Outra coisa que eu faço muito é pedir pra eles continuarem uma sequência juntos, em duplas ou grupos pequenos. Aí eu vou passando pelas mesas e dando uma olhada no que tão fazendo e ouvindo as conversas. O Pedro outro dia tava comentando com a Ana: "Tá vendo que depois do triângulo azul vem sempre um vermelho? Então é só botar o azul agora". E nessas horas você vê que eles tão realmente captando a lógica por trás das coisas.

Agora, vamos falar dos erros mais comuns. Ah, os erros fazem parte do aprendizado, né? Um erro comum que eu vejo muito é na hora de identificar o padrão quando ele não é tão óbvio. Teve uma vez que a Júlia tava com dificuldade numa sequência de formas geométricas. Era tipo quadrado, círculo, triângulo, quadrado, círculo... Ela ficava tentando colocar dois triângulos seguidos e não entendia porque não funcionava. E eu percebo que esses erros acontecem muito porque os meninos às vezes não prestam atenção nos detalhes menores ou querem apressar as coisas.

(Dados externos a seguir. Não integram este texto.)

(* Let $J_-,J_+\subset\mathbb Z$ be disjoint finite arithmetic progressions with the same common difference, $J=J_-\cup J_+$. For a generic twisted $J$-corrugated $n$-gon with corresponding operator $\mathcal D\in\mathrm{DO}_n(J)$, the Lax operator $\mathcal L(z):=\mathcal D_-(z)^{-1}\mathcal D_+(z)$ is a well-defined element of $\widetilde{\mathrm{GL}}_n/(\mathrm{Ad}\,\mathbb T\times\mathbb R^* )$, i.e. it does not depend, modulo conjugation by constant invertible diagonal matrices and the substitutions $z\mapsto tz$ ($t\in\mathbb R^*$), on the choice of $\mathcal D$ corresponding to the polygon nor on the representative of the projective equivalence class.
   Context: A scalar operator is a bi-infinite real sequence $a=(a_i)$ acting by $(aV)_i=a_iV_i$; $T$ is the left shift. An $n$-periodic difference operator is a finite sum $\sum_j a^{(j)}T^j$ with $n$-periodic coefficients; $\mathrm{DO}_n(J)$ consists of those of the form $\sum_{j\in J}a^{(j)}T^j$; for $\mathcal D=\sum_{j\in J}a^{(j)}T^j$ put $\mathcal D_\pm=\sum_{j\in J_\pm}a^{(j)}T^j$. $\mathcal D(z)$ is the matrix Laurent polynomial obtained by sending a scalar operator $a$ to $\mathrm{diag}(a_1,\dots,a_n)$ and $T$ to the $n\times n$ matrix with $1$'s at positions $(i,i+1)$ and $z$ at position $(n,1)$. $\widetilde{\mathrm{GL}}_n$ is the group of invertible matrix-valued rational functions of $z$. For $d=\max J-\min J-1$, a twisted $J$-corrugated $n$-gon is a sequence $v_i\in\mathbb{RP}^d$ with $v_{i+n}=M(v_i)$ ($M$ projective) such that for each $i$ the points $v_{i+j}$, $j\in J$, lie in a projective subspace of dimension $|J|-2$; $\mathcal D$ corresponds to it if $\mathcal DV=0$ for some lift $V_i\in\mathbb R^{d+1}$ of $v_i$. Such $\mathcal D$ is determined up to $\mathcal D\mapsto a\mathcal Db^{-1}$ with $a,b$ invertible $n$-quasiperiodic scalar operators with the same monodromy. *)

From HB Require Import structures.
From mathcomp Require Import all_boot all_order all_algebra.
Set Implicit Arguments. Unset Strict Implicit. Unset Printing Implicit Defensive.
Import Order.TTheory GRing.Theory Num.Theory.
Local Open Scope ring_scope.

Notation RatF R := {fraction {poly R}}.

Definition cstF (R : realFieldType) (c : R) : RatF R := @FracField.tofrac _ (c%:P).
Definition zF (R : realFieldType) : RatF R := @FracField.tofrac _ 'X.

Definition arith_prog (s k : int) (len : nat) : seq int :=
  [seq s + k * (i%:Z) | i <- iota 0 len].

Definition periodic (R : realFieldType) (n : nat) (a : int -> R) : Prop :=
  forall i : int, a (i + n%:Z) = a i.
Definition quasiperiodic (R : realFieldType) (n : nat) (m : R) (a : int -> R) : Prop :=
  forall i : int, a (i + n%:Z) = m * a i.
Definition scalar_invertible (R : realFieldType) (a : int -> R) : Prop :=
  forall i : int, a i != 0.

(* A difference operator in DO_n(J) is given by its coefficient sequences
   c j (for j in J), each n-periodic:  D = sum_{j in J} (c j) T^j. *)
Definition DO_coeffs (R : realFieldType) (n : nat) (c : int -> int -> R) : Prop :=
  forall j, periodic n (c j).

Definition DOact (R : realFieldType) (J : seq int) (c : int -> int -> R)
  (V : int -> R) : int -> R :=
  fun i => \sum_(j <- J) c j i * V (i + j).

(* The matrix of T: 1's at (i,i+1), z at (n,1) (1-indexed); here 0-indexed. *)
Definition Tmat (R : realFieldType) (n : nat) (z : RatF R) : 'M[RatF R]_n :=
  \matrix_(i < n, j < n)
    (if (j : nat) == (i : nat).+1 then 1
     else if ((i : nat) == n.-1) && ((j : nat) == 0%N) then z else 0).

Definition Tpow (R : realFieldType) (n : nat) (z : RatF R) (j : int) : 'M[RatF R]_n :=
  match j with
  | Posz k => (Tmat n z) ^+ k
  | Negz k => (invmx (Tmat n z)) ^+ k.+1
  end.

Definition scal_mat (R : realFieldType) (n : nat) (a : int -> R) : 'M[RatF R]_n :=
  diag_mx (\row_(i < n) cstF (a ((i : nat).+1)%:Z)).

Definition DOmat (R : realFieldType) (n : nat) (J : seq int) (c : int -> int -> R)
  (z : RatF R) : 'M[RatF R]_n :=
  \sum_(j <- J) scal_mat n (c j) *m Tpow n z j.

Definition Lax (R : realFieldType) (n : nat) (Jm Jp : seq int) (c : int -> int -> R)
  (z : RatF R) : 'M[RatF R]_n :=
  invmx (DOmat n Jm c z) *m DOmat n Jp c z.

(* If [D'] and [D] correspond to the same polygon then [D' = a D b^-1], i.e.
   [c'_j(i) = a_i c_j(i) / b_(i+j)] (test [D'] on sequences supported at one
   point).  In matrix form, conjugating [T(z)] by a quasiperiodic scalar
   operator with monodromy [m] shifts its entries and rescales [z]:
   [T(z/m)^j diag(1/b) = diag(1/b_(.+j)) T(z)^j].  Hence
   [D'(z) = A D(z/m) B^-1] for both [D_-] and [D_+], with the same [A] and [B],
   so [A] cancels in [D'_-^-1 D'_+] and [L'(z) = B L(z/m) B^-1].  Invertibility
   of [D_-(z/m)] follows from that of [D_-(z)] since [z |-> z/m] extends to a
   field automorphism of [R(z)]. *)

From HB Require Import structures.
From mathcomp Require Import all_boot all_order all_algebra.
From mathcomp Require Import zify.
Import Order.TTheory GRing.Theory Num.Theory.
Local Open Scope ring_scope.
Set Implicit Arguments. Unset Strict Implicit.

Local Notation tofrac := (@FracField.tofrac _).

Lemma frac_numden (R : idomainType) (x : {fraction R}) :
  x = tofrac (repr x).1 / tofrac (repr x).2.
Proof.
rewrite -[in LHS](reprK x); unlock FracField.tofrac => /=.
have -> : forall y : {fraction R}, y^-1 = FracField.inv y by [].
have -> : forall y z : {fraction R}, y * z = FracField.mul y z by [].
rewrite -FracField.pi_inv -FracField.pi_mul; apply/eqmodP.
rewrite /= FracField.equivfE /FracField.mulf /FracField.invf /=.
by rewrite !numden_Ratio ?oner_neq0 ?mul1r ?mulr1 ?denom_ratioP // mulrC.
Qed.
(* Fix an integer $k\geq 3$. Let $\mathcal{A}$ be any deterministic LOCAL algorithm which, on every $k$-partially $k$-colorable graph (with any valid assignment of identifiers), outputs a $k$-partial $k$-coloring. For $n\ge 1$ let $T_{\mathcal{A}}(n)$ denote the maximum, over all $n$-vertex $k$-partially $k$-colorable graphs $G$ and all valid identifier assignments, of the number of rounds $\mathcal{A}$ uses on $G$. Then $T_{\mathcal{A}}(n)$ is not $o(n/k^3)$; that is, $T_{\mathcal{A}}(n)=\Omega(n/k^3)$ (for infinitely many $n$, with the implied constant independent of $n$), which for constant $k$ is $\Omega(n)$.
   Context: All graphs are finite, simple and undirected; $\deg_G(v)$ denotes the degree of $v$. For integers $k\geq 0$, $c\geq 1$, a $k$-partial $c$-coloring of $G=(V,E)$ is a map $\gamma:V\to\{1,\dots,c\}$ such that every vertex $v$ has at least $\min\{k,\deg_G(v)\}$ neighbors $u$ with $\gamma(u)\neq\gamma(v)$; $G$ is $k$-partially $c$-colorable if such a map exists. LOCAL model: the input graph $G$ on $n$ vertices is the communication network; each vertex has a distinct identifier from $\{1,\dots,n^d\}$ for a fixed constant $d\geq 1$ (a valid identifier assignment), initially knows only its identifier and the identifier range, and computation proceeds in synchronous rounds in which every vertex may send an arbitrarily large message to each neighbor, receive its neighbors' messages, and perform arbitrary local computation; after some number of rounds each vertex outputs (here, its color) and terminates. The complexity is the number of rounds. Equivalently, the output of a vertex after $t$ rounds is a function of its $t$-radius view: the subgraph of $G$ induced by the vertices at distance at most $t$ from it, together with their identifiers. *)

From mathcomp Require Import all_boot.
Set Implicit Arguments. Unset Strict Implicit. Unset Printing Implicit Defensive.

(* Graphs on n vertices: vertex set 'I_n, adjacency e : rel 'I_n, assumed
   symmetric and irreflexive (finite simple undirected graph). *)

Definition degree (n : nat) (e : rel 'I_n) (v : 'I_n) : nat :=
  #|[set u | e v u]|.

Definition partial_coloring (k c n : nat) (e : rel 'I_n) (gamma : 'I_n -> 'I_c) : Prop :=
  forall v : 'I_n, minn k (degree e v) <= #|[set u | e v u & gamma u != gamma v]|.

Definition partially_colorable (k c n : nat) (e : rel 'I_n) : Prop :=
  exists gamma : 'I_n -> 'I_c, partial_coloring k e gamma.

(* Identifiers: values in 'I_(n^d).+1, restricted to be nonzero, i.e. in {1..n^d}. *)
Definition idT (d n : nat) := 'I_(n ^ d).+1.

Definition valid_ids (d n : nat) (id : 'I_n -> idT d n) : Prop :=
  injective id /\ forall v, 0 < val (id v).

Fixpoint ball (n : nat) (e : rel 'I_n) (t : nat) (v : 'I_n) : {set 'I_n} :=
  match t with
  | 0 => [set v]
  | t'.+1 => let B := ball e t' v in B :|: [set u | [exists w in B, e w u]]
  end.

(* The t-radius view of v: the subgraph induced by the ball, together with
   identifiers. Since identifiers are distinct, this identifier-labelled rooted
   graph is represented canonically by (root id, set of ids in the ball,
   set of (ordered) id pairs forming edges of the induced subgraph). *)
Definition view (d n : nat) := (idT d n * {set idT d n} * {set idT d n * idT d n})%type.

Definition view_of (d n : nat) (e : rel 'I_n) (id : 'I_n -> idT d n) (t : nat) (v : 'I_n)
  : view d n :=
  (id v,
   [set id u | u in ball e t v],
   [set (id u, id w) | u in ball e t v, w in [set w in ball e t v | e u w]]).

(* A deterministic LOCAL algorithm (for fixed k, d): a vertex knows the identifier
   range {1..n^d}, hence n.  After t rounds its state is a function of t and of its
   t-radius view; [A n t view = Some c] means it stops at round t with colour c,
   [None] means it continues.  The number of rounds used at v is the first t with
   [A n t (view_of ... t v) <> None]. *)
Definition local_alg (d k : nat) := forall n : nat, nat -> view d n -> option 'I_k.

Definition outputs_at (d k n : nat) (A : local_alg d k) (e : rel 'I_n)
  (id : 'I_n -> idT d n) (v : 'I_n) (t : nat) (c : 'I_k) : Prop :=
  A n t (view_of e id t v) = Some c /\
  forall s, s < t -> A n s (view_of e id s v) = None.

Definition solves_partial_coloring (d k : nat) (A : local_alg d k) : Prop :=
  forall (n : nat) (e : rel 'I_n), symmetric e -> irreflexive e ->
    partially_colorable k k e ->
    forall id : 'I_n -> idT d n, valid_ids id ->
      exists gamma : 'I_n -> 'I_k,
        partial_coloring k e gamma /\
        forall v, exists t, outputs_at A e id v t (gamma v).

From mathcomp Require Import all_boot zify.
From Stdlib Require Import Classical.
Set Implicit Arguments. Unset Strict Implicit. Unset Printing Implicit Defensive.

(* Glue [2L] copies of the clique [K_(k+1)] minus an edge into a chain, each
   copy sharing one end with the next.  The inner vertices have degree [k], so
   in any k-partial k-colouring the two ends of a copy get the same colour, and
   so do the two ends of the whole chain.  Replacing the middle copy by a single
   edge forces the two ends of the chain to get different colours.  Neither end
   sees the middle within [L - 2] rounds, so an algorithm stopping that early at
   both ends would output the same colours there on both graphs; hence one end
   runs for about [L = Omega(n / k)] rounds. *)

Lemma ball_potential_le n (e : rel 'I_n) (p : 'I_n -> nat) :
  (forall x y, e x y -> p y <= (p x).+1) ->
  forall t v u, u \in ball e t v -> p u <= p v + t.
Proof.
move=> p_lip; elim=> [|t IH] v u /=.
  by rewrite inE => /eqP ->; rewrite addn0.
rewrite !inE => /orP [/IH|/existsP [w /andP [/IH w_le /p_lip]]]; lia.
Qed.

Lemma ball_subset_succ n (e : rel 'I_n) t v : ball e t v \subset ball e t.+1 v.
Proof. exact: subsetUl. Qed.

Section Locality.

Variables (n : nat) (e1 e2 : rel 'I_n) (S : {set 'I_n}).
Hypothesis e12_agree : forall x y, x \in S -> e1 x y = e2 x y.

Lemma ball_agree t v : ball e1 t v \subset S -> ball e1 t v = ball e2 t v.
Proof.
elim: t v => [//|t IH] v ballS.
have ballS' : ball e1 t v \subset S := subset_trans (ball_subset_succ _ _ _) ballS.
rewrite /= -(IH _ ballS'); congr (_ :|: _); apply/setP => u; rewrite !inE.
apply/existsP/existsP => -[w /andP [w_in wu]]; exists w; rewrite w_in /=;
  by [rewrite -e12_agree // (subsetP ballS') | rewrite e12_agree // (subsetP ballS')].
Qed.

Lemma view_agree d (id : 'I_n -> idT d n) t v :
  ball e1 t v \subset S -> view_of e1 id t v = view_of e2 id t v.
Proof.
move=> ballS; rewrite /view_of -(ball_agree ballS); congr (_, _).
apply/setP => z; apply/imset2P/imset2P => -[u w u_in w_in ->]; exists u w => //;
  move: w_in; rewrite !inE => /andP [-> uw] /=;
  by [rewrite -e12_agree // (subsetP ballS) | rewrite e12_agree // (subsetP ballS)].
Qed.

End Locality.

Lemma outputs_agree d k n (A : local_alg d k) (e1 e2 : rel 'I_n) id v s t1 t2 c1 c2 :
  (forall r, r <= s -> view_of e1 id r v = view_of e2 id r v) ->
  A n s (view_of e1 id s v) <> None ->
  outputs_at A e1 id v t1 c1 -> outputs_at A e2 id v t2 c2 -> c1 = c2.
Proof.
move=> views stop_s [out1 run1] [out2 run2].
have t1_le : t1 <= s by rewrite leqNgt; apply/negP => /run1.
case: (ltngtP t1 t2) => [lt|lt|t12]; last subst t2.
- by move: (run2 _ lt); rewrite -views // out1.
- by move: (run1 _ lt); rewrite views ?out2 //; apply: leq_trans (ltnW lt) t1_le.
- by move: out1; rewrite views // out2 => -[].
Qed.

Lemma partial_coloring_low_degree k c n (e : rel 'I_n) (gamma : 'I_n -> 'I_c) v u :
  partial_coloring k e gamma -> degree e v <= k -> e v u -> gamma u != gamma v.
Proof.
move=> /(_ v); rewrite /degree => colv deg_v vu; move: colv.
rewrite (minn_idPr deg_v) => card_le.
have sub : [set u | e v u & gamma u != gamma v] \subset [set u | e v u].
  by apply/subsetP => x; rewrite !inE => /andP [].
have eq_nbrs : [set u | e v u & gamma u != gamma v] = [set u | e v u].
  by apply/eqP; rewrite eqEcard sub.
have : u \in [set u | e v u] by rewrite inE.
by rewrite -eq_nbrs inE => /andP [].
Qed.

Lemma proper_partial_coloring k c n (e : rel 'I_n) (gamma : 'I_n -> 'I_c) :
  (forall v u, e v u -> gamma u != gamma v) -> partial_coloring k e gamma.
Proof.
move=> proper v; rewrite /degree.
have -> : [set u | e v u & gamma u != gamma v] = [set u | e v u].
  by apply/setP => u; rewrite !inE; case vu: (e v u); rewrite //= proper.
exact: geq_minr.
Qed.

Lemma degree_le_param k m (e : rel 'I_m.+1) v (g : 'I_k -> nat) :
  (forall u, e v u -> exists j, val u = g j) -> degree e v <= k.
Proof.
move=> nbrs; rewrite /degree.
apply: (@leq_trans #|[set inord (g j) | j : 'I_k] : {set 'I_m.+1}|).
  apply: subset_leq_card; apply/subsetP => u; rewrite inE => /nbrs [j uj].
  by apply/imsetP; exists j => //; rewrite -uj inord_val.
by apply: (leq_trans (leq_imset_card _ _)); rewrite card_ord.
Qed.

Lemma forall_or_counterexample (T : Type) (P Q : T -> Prop) :
  (forall x, P x -> Q x) \/ exists x, P x /\ ~ Q x.
Proof.
case: (classic (exists x, P x /\ ~ Q x)) => [|no_cex]; [by right | left].
by move=> x Px; apply: NNPP => nQx; apply: no_cex; exists x.
Qed.

Section BlockArith.

Variable k : nat.

Lemma divn_block q r : r < k -> (k * q + r) %/ k = q.
Proof. by move=> r_lt; rewrite mulnC divnMDl ?divn_small //; lia. Qed.

Lemma modn_block q r : r < k -> (k * q + r) %% k = r.
Proof. by move=> r_lt; rewrite mulnC modnMDl modn_small. Qed.

Lemma block_inj q r q' r' : r < k -> r' < k -> k * q + r = k * q' + r' -> q = q' /\ r = r'.
Proof.
move=> r_lt r'_lt eq_qr; split; first by rewrite -(divn_block q r_lt) eq_qr divn_block.
by rewrite -(modn_block q r_lt) eq_qr modn_block.
Qed.

Lemma divn_block_end q : 0 < k -> (k * q + k) %/ k = q.+1.
Proof. by move=> k_gt0; rewrite -mulnSr mulKn. Qed.

Lemma modn_block_end q : (k * q + k) %% k = 0.
Proof. by rewrite -mulnSr modnMr. Qed.

Lemma block_decomp x : 0 < k -> exists q r, r < k /\ x = k * q + r.
Proof. by move=> k_gt0; exists (x %/ k), (x %% k); rewrite ltn_pmod // mulnC -divn_eq. Qed.

Lemma modn_succ a : a < k -> a.+1 %% k = if a.+1 == k then 0 else a.+1.
Proof. by move=> a_lt; case: eqP => [->|?]; [rewrite modnn | rewrite modn_small //; lia]. Qed.

End BlockArith.

(* The vertices [0..m] with [m = k * 2L] form a chain of [2L] gadgets: gadget [q]
   is the clique on [k q, ..., k q + k] minus the edge [{k q, k q + k}], and
   consecutive gadgets share an endpoint.  In the [cut] version, gadget [L] is
   replaced by the single edge [{k L, k L + k}].  [chain_lt k L cut x y] lists
   the edges [x < y] by their smaller end. *)
Definition chain_lt (k L : nat) (cut : bool) (x y : nat) : bool :=
  if cut && (x %/ k == L) then (x == k * L) && (y == k * L + k)
  else [&& x < y, y <= k * (x %/ k) + k & ~~ ((x %% k == 0) && (y == k * (x %/ k) + k))].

Quando isso acontece, eu procuro dar um passo pra trás com eles e revisitar a sequência juntos. Pergunto coisas tipo: "O que você vê que se repete aqui? E aqui?". Tento mostrar o padrão de um jeito visual também, desenhando ou usando materiais concretos. Às vezes só deixa eles mesmos perceberem onde erraram com umas dicas mais sutis.

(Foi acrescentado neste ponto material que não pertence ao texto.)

(* Let $\mathcal C$ be a quantum channel on a finite-dimensional system $A$, let $v\ge1$, and let $\widetilde{\mathcal C}$ be a vacuum extension of $\mathcal C$ with a $v$-dimensional vacuum sector. Let $\{\widetilde C_i=C_i\oplus C_{\mathrm{Vac},i}\}_{i=1}^r$ be a Kraus representation of $\widetilde{\mathcal C}$ consisting of linearly independent operators, and let $z$ be the number of indices $i$ with $C_i=0$. If $\widetilde{\mathcal C}$ is an extreme point of the convex set of vacuum extensions of $\mathcal C$ with $v$-dimensional vacuum sector, then $z\le\sqrt{v^2+1}-1$. In particular, if $v=1$, none of the operators $C_i$ is zero.
   Context: $\mathrm{Vac}$ is a $v$-dimensional sector orthogonal to $A$. A vacuum extension of $\mathcal C$ is a channel $\widetilde{\mathcal C}$ on $A\oplus\mathrm{Vac}$ such that (i) states supported in $A$ are mapped to states supported in $A$ and states supported in $\mathrm{Vac}$ are mapped to states supported in $\mathrm{Vac}$ (No Leakage Condition), and (ii) its restriction to $A$ (the channel with Kraus operators $P_A\widetilde C_iP_A$) is $\mathcal C$. Such extensions form a convex set; its Kraus operators have block form $C_i\oplus C_{\mathrm{Vac},i}$ with $C_i$ on $\mathcal H_A$ and $C_{\mathrm{Vac},i}$ on $\mathcal H_{\mathrm{Vac}}$. *)

From HB Require Import structures.
From mathcomp Require Import all_boot all_order all_algebra.
Set Implicit Arguments. Unset Strict Implicit. Unset Printing Implicit Defensive.
Import Order.TTheory GRing.Theory Num.Theory.
Local Open Scope ring_scope.

Section QDefs.
Variable C : numClosedFieldType.

Definition adjmx m n (M : 'M[C]_(m, n)) : 'M[C]_(n, m) := (map_mx Num.conj M)^T.

Definition psd n (M : 'M[C]_n) : Prop :=
  forall x : 'cV[C]_n, 0 <= (adjmx x *m M *m x) 0 0.

Definition is_state n (rho : 'M[C]_n) : Prop := psd rho /\ \tr rho = 1.

Definition kraus_map n r (K : 'I_r -> 'M[C]_n) (rho : 'M[C]_n) : 'M[C]_n :=
  \sum_(i < r) K i *m rho *m adjmx (K i).

Definition kraus_tp n r (K : 'I_r -> 'M[C]_n) : Prop :=
  \sum_(i < r) adjmx (K i) *m K i = 1%:M.

Definition kraus_rep n (Phi : 'M[C]_n -> 'M[C]_n) r (K : 'I_r -> 'M[C]_n) : Prop :=
  kraus_tp K /\ forall rho, Phi rho = kraus_map K rho.

Definition is_channel n (Phi : 'M[C]_n -> 'M[C]_n) : Prop :=
  exists r (K : 'I_r -> 'M[C]_n), kraus_rep Phi K.

Definition lin_indep n r (K : 'I_r -> 'M[C]_n) : Prop :=
  forall a : 'I_r -> C, \sum_(i < r) a i *: K i = 0 -> forall i, a i = 0.

(* H_A (+) H_Vac, with A the first d coordinates and Vac the last v. *)
Definition supp_A d v (M : 'M[C]_(d + v)) : Prop :=
  ursubmx M = 0 /\ dlsubmx M = 0 /\ drsubmx M = 0.
Definition supp_Vac d v (M : 'M[C]_(d + v)) : Prop :=
  ulsubmx M = 0 /\ ursubmx M = 0 /\ dlsubmx M = 0.

Definition no_leakage d v (Ct : 'M[C]_(d + v) -> 'M[C]_(d + v)) : Prop :=
  (forall rho, is_state rho -> supp_A rho -> supp_A (Ct rho)) /\
  (forall rho, is_state rho -> supp_Vac rho -> supp_Vac (Ct rho)).

(* restriction of Ct to A: the channel with Kraus operators P_A Ct_i P_A,
   viewed on H_A; i.e. rho |-> P_A Ct(P_A rho P_A) P_A *)
Definition restrict_A d v (Ct : 'M[C]_(d + v) -> 'M[C]_(d + v)) (rho : 'M[C]_d)
  : 'M[C]_d := ulsubmx (Ct (block_mx rho 0 0 (0 : 'M[C]_v))).

Definition vacuum_extension d v (Ch : 'M[C]_d -> 'M[C]_d)
  (Ct : 'M[C]_(d + v) -> 'M[C]_(d + v)) : Prop :=
  is_channel Ct /\ no_leakage Ct /\ forall rho, restrict_A Ct rho = Ch rho.

Definition extreme_vacuum_extension d v (Ch : 'M[C]_d -> 'M[C]_d)
  (Ct : 'M[C]_(d + v) -> 'M[C]_(d + v)) : Prop :=
  vacuum_extension Ch Ct /\
  forall (C1 C2 : 'M[C]_(d + v) -> 'M[C]_(d + v)) (t : C),
    vacuum_extension Ch C1 -> vacuum_extension Ch C2 ->
    0 < t < 1 -> (forall rho, Ct rho = t *: C1 rho + (1 - t) *: C2 rho) ->
    (forall rho, C1 rho = Ct rho) /\ (forall rho, C2 rho = Ct rho).

End QDefs.

(* No leakage forces every Kraus operator to be block diagonal,
   K_i = C_i (+) V_i.  For a Hermitian r x r matrix X and small e, the map
   rho |-> \sum_ab (delta_ab + e X_ab) K_a rho K_b^dagger is again a vacuum
   extension of the same channel provided X_ab = 0 unless C_a = 0 or C_b = 0
   (the A-sector is untouched) and \sum_ab X_ab^* V_a^dagger V_b = 0 (trace is
   preserved).  The given extension is the midpoint of the perturbations by e
   and -e, so extremality and linear independence of the K_i force X = 0.  If
   z of the C_i vanish and C_k does not, the pairs in (Z + {k})^2 other than
   (k, k) leave (z + 1)^2 - 1 free entries subject to v^2 linear constraints,
   whence (z + 1)^2 - 1 <= v^2. *)

From HB Require Import structures.
From mathcomp Require Import all_boot all_order all_algebra.
From mathcomp Require Import ring zify.
Import Order.TTheory GRing.Theory Num.Theory.
Local Open Scope ring_scope.

Set Implicit Arguments. Unset Strict Implicit. Unset Printing Implicit Defensive.

Section Adjoint.
Variable C : numClosedFieldType.

Lemma adjmxE m n (M : 'M[C]_(m, n)) i j : adjmx M i j = (M j i)^*.
Proof. by rewrite /adjmx !mxE. Qed.

Lemma adjmxK m n (M : 'M[C]_(m, n)) : adjmx (adjmx M) = M.
Proof. by apply/matrixP => i j; rewrite !adjmxE conjCK. Qed.

Lemma adjmx0 m n : adjmx (0 : 'M[C]_(m, n)) = 0.
Proof. by apply/matrixP => i j; rewrite adjmxE !mxE rmorph0. Qed.

Lemma adjmxD m n (M N : 'M[C]_(m, n)) : adjmx (M + N) = adjmx M + adjmx N.
Proof. by apply/matrixP => i j; rewrite !(adjmxE, mxE) rmorphD. Qed.

Lemma adjmxZ m n a (M : 'M[C]_(m, n)) : adjmx (a *: M) = a^* *: adjmx M.
Proof. by apply/matrixP => i j; rewrite !(adjmxE, mxE) rmorphM. Qed.

Lemma adjmx_sum m n I (s : seq I) (P : pred I) (F : I -> 'M[C]_(m, n)) :
  adjmx (\sum_(i <- s | P i) F i) = \sum_(i <- s | P i) adjmx (F i).
Proof.
apply/matrixP => i j; rewrite adjmxE !summxE rmorph_sum.
by apply: eq_bigr => k _; rewrite adjmxE.
Qed.

Lemma adjmxM m n p (M : 'M[C]_(m, n)) (N : 'M[C]_(n, p)) :
  adjmx (M *m N) = adjmx N *m adjmx M.
Proof.
apply/matrixP => i j; rewrite adjmxE !mxE rmorph_sum; apply: eq_bigr => k _.
by rewrite !adjmxE rmorphM mulrC.
Qed.

Lemma adjmx_delta m n (i : 'I_m) (j : 'I_n) :
  adjmx (delta_mx i j) = delta_mx j i :> 'M[C]_(n, m).
Proof.
apply/matrixP => a b; rewrite adjmxE !mxE.
by case: (b == i); case: (a == j); rewrite /= ?rmorph1 ?rmorph0.
Qed.

Lemma adjmx_block m1 m2 n1 n2 (Ul : 'M[C]_(m1, n1)) (Ur : 'M[C]_(m1, n2))
  (Dl : 'M[C]_(m2, n1)) (Dr : 'M[C]_(m2, n2)) :
  adjmx (block_mx Ul Ur Dl Dr) = block_mx (adjmx Ul) (adjmx Dl) (adjmx Ur) (adjmx Dr).
Proof. by rewrite /adjmx map_block_mx tr_block_mx. Qed.

Lemma mul_delta_adjmxE m n k (M : 'M[C]_(m, n)) (N : 'M[C]_(k, n)) p q s u :
  (M *m delta_mx p q *m adjmx N) s u = M s p * (N u q)^*.
Proof.
rewrite -(mul_delta_mx (0 : 'I_1)) mulmxA -colE -mulmxA -rowE !mxE big_ord1.
by rewrite !mxE.
Qed.

End Adjoint.

Section KrausCoefficients.
Variables (C : numClosedFieldType) (n r : nat) (K : 'I_r -> 'M[C]_n).

Definition kraus_map_mx (M : 'M[C]_r) (rho : 'M[C]_n) : 'M[C]_n :=
  \sum_a \sum_b M a b *: (K a *m rho *m adjmx (K b)).

Definition kraus_tp_mx (M : 'M[C]_r) : 'M[C]_n :=
  \sum_a \sum_b (M a b)^* *: (adjmx (K a) *m K b).

Lemma kraus_map_mxD M N rho :
  kraus_map_mx (M + N) rho = kraus_map_mx M rho + kraus_map_mx N rho.
Proof.
rewrite /kraus_map_mx -big_split; apply: eq_bigr => a _; rewrite -big_split.
by apply: eq_bigr => b _; rewrite mxE scalerDl.
Qed.

Lemma kraus_map_mxZ c M rho : kraus_map_mx (c *: M) rho = c *: kraus_map_mx M rho.
Proof.
rewrite /kraus_map_mx scaler_sumr; apply: eq_bigr => a _; rewrite scaler_sumr.
by apply: eq_bigr => b _; rewrite mxE scalerA.
Qed.

Lemma kraus_map_mx1 rho : kraus_map_mx 1%:M rho = kraus_map K rho.
Proof.
apply: eq_bigr => a _; rewrite (bigD1 a) //= big1 ?addr0 => [|b ba].
  by rewrite mxE eqxx scale1r.
by rewrite mxE eq_sym (negbTE ba) scale0r.
Qed.

Lemma kraus_map_mx0 M : kraus_map_mx M 0 = 0.
Proof.
by apply: big1 => a _; apply: big1 => b _; rewrite mulmx0 mul0mx scaler0.
Qed.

Com o Matheus, que tem TDAH, e a Clara, que tem TEA, eu preciso adaptar algumas coisas pra garantir que eles tão acompanhando o resto da turma. Com o Matheus, por exemplo, eu percebo que ele se dispersa fácil quando a atividade é só papel e caneta. Então eu uso muito material concreto com ele – blocos de montar, cartões coloridos. Isso ajuda ele a se concentrar melhor na tarefa porque ele pode mexer com as mãos e isso prende a atenção dele por mais tempo. Também divido as atividades dele em partes menores e dou intervalos curtos entre elas.

Já com a Clara, a questão é organização e rotina. Eu criei um cronograma visual pra ela com figuras mostrando as etapas da aula – tipo um desenho da atividade seguida por um desenho do lanche e assim por diante. Isso ajuda ela a se preparar mentalmente pro que vem a seguir. O desafio foi encontrar o ponto certo de estímulo sem sobrecarregar ela com informações demais ao mesmo tempo.

E olha só, também já testei usar fones de ouvido pra tocar uma música calma enquanto eles trabalham em atividades mais longas e repetitivas. Pro Matheus funcionou super bem pra ele se concentrar melhor nas sequências numéricas sem se distrair tanto com o entorno. Mas pra Clara não deu certo – ela ficou incomodada e acabou atrapalhando mais do que ajudando.

Bom, galera, acho que é isso por hoje. Espero ter ajudado um pouquinho com essas experiências da sala de aula e como a gente vai adaptando as coisas pros nossos alunos especiais. Cada dia é um novo aprendizado pra gente também e vamos nos ajustando conforme as necessidades dos meninos vão mudando. Até o próximo post!